**Task:** Starting from the line that holds "destruct (steps_runs _", print each remaining line of the entries exactly, ending with the last.

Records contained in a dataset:
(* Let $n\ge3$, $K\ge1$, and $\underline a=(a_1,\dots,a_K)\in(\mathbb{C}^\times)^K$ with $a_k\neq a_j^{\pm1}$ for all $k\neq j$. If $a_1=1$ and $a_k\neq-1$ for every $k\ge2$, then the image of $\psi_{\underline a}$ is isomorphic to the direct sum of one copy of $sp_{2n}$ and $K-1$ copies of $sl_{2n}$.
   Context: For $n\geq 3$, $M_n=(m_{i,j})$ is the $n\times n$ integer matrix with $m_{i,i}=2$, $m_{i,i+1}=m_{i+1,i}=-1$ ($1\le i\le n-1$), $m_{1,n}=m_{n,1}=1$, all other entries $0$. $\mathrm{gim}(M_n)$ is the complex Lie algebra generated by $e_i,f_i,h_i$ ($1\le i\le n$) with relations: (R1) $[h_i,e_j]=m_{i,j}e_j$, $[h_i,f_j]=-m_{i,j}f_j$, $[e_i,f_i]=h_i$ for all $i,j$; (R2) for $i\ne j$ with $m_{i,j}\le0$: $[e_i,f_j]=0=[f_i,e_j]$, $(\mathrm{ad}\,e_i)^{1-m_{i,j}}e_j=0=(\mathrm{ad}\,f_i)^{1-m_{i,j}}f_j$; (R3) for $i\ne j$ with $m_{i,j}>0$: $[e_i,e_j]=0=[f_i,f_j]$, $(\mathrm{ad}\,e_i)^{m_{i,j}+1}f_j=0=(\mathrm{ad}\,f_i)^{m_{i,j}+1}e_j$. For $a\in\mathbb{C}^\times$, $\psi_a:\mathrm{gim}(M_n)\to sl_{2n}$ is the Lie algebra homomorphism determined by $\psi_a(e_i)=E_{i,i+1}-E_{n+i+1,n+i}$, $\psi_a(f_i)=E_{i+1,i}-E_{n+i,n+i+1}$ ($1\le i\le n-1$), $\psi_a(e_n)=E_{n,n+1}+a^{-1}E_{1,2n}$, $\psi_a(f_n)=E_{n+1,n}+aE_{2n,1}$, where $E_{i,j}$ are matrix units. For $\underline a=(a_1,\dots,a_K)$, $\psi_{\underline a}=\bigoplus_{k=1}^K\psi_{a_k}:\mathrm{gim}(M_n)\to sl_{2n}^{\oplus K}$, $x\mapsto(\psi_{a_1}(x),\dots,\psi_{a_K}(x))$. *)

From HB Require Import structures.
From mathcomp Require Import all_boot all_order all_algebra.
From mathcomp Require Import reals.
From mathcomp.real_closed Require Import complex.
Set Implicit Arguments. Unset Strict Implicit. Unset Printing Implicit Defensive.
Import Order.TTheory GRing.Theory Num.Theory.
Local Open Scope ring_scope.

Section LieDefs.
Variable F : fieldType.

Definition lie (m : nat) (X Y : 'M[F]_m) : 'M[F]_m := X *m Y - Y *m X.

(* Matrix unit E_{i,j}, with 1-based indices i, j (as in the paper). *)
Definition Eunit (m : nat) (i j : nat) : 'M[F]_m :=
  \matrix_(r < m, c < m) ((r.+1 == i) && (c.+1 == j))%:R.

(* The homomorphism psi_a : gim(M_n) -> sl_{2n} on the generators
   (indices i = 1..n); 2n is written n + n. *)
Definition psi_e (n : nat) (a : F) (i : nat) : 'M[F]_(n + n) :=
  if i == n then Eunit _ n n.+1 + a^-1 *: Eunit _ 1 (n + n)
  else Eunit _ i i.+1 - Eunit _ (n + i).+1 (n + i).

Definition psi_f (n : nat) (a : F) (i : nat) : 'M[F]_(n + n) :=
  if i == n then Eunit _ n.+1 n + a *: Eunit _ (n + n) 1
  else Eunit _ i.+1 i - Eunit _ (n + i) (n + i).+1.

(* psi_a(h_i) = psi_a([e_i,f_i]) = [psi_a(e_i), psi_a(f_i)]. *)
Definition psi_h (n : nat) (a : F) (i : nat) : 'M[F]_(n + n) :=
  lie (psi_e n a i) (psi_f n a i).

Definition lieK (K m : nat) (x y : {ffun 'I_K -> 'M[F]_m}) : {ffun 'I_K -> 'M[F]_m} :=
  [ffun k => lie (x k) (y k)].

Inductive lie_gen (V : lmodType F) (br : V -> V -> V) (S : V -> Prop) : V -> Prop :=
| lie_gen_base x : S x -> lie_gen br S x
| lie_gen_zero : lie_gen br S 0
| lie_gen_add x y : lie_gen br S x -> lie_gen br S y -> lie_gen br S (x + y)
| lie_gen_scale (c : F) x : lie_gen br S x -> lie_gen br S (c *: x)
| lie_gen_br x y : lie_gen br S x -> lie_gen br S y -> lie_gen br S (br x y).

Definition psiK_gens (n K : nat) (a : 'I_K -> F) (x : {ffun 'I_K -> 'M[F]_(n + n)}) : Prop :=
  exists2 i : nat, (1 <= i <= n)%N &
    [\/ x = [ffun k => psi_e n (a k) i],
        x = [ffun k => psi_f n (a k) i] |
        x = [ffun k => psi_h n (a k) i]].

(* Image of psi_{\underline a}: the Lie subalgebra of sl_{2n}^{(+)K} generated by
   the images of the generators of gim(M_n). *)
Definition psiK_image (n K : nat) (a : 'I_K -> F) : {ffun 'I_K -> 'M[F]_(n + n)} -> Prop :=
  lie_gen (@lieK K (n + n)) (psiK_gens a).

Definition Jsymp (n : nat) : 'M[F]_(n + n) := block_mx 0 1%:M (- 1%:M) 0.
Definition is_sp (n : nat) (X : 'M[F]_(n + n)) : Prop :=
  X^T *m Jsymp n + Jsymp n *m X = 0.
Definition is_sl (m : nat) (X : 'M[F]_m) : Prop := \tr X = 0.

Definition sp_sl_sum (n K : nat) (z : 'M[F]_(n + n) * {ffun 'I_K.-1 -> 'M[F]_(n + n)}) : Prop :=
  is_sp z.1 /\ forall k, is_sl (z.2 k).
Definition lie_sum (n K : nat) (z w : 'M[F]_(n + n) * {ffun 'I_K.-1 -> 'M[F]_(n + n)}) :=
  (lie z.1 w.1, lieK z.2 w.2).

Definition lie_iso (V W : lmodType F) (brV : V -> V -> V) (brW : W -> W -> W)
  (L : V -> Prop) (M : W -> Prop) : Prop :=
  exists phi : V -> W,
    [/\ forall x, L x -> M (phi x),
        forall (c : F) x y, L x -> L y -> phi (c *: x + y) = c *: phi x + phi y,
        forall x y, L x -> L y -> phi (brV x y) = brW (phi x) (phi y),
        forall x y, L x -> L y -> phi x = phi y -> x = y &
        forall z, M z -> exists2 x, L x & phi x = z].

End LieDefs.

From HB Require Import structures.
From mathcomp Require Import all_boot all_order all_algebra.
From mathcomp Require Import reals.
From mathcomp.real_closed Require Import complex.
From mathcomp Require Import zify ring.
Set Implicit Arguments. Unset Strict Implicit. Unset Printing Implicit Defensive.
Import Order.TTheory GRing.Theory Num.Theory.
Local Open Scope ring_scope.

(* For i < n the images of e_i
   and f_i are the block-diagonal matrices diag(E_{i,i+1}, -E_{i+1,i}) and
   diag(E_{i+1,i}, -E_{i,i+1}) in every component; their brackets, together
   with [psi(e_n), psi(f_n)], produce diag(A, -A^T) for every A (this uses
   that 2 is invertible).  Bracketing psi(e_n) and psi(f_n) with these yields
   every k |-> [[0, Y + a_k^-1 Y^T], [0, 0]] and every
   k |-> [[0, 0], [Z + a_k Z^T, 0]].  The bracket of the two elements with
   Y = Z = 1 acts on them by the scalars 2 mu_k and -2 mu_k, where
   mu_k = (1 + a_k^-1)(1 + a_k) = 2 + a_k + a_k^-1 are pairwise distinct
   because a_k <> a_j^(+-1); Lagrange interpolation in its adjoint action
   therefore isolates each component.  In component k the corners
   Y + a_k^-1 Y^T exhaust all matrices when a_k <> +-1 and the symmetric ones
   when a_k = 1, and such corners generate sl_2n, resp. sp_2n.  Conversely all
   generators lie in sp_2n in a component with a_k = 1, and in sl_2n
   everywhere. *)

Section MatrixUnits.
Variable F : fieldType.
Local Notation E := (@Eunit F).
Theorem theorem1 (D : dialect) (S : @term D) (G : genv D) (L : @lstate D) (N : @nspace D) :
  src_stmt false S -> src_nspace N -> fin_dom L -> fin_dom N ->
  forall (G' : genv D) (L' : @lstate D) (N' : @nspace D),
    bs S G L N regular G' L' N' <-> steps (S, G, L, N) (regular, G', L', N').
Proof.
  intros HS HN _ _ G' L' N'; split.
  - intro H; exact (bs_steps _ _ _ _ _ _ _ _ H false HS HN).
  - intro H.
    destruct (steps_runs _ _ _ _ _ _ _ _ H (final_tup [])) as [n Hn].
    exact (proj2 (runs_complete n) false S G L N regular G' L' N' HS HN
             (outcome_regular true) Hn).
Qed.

**Your solution:**
    destruct (steps_runs _ _ _ _ _ _ _ _ H (final_tup [])) as [n Hn].
    exact (proj2 (runs_complete n) false S G L N regular G' L' N' HS HN
             (outcome_regular true) Hn).
Qed.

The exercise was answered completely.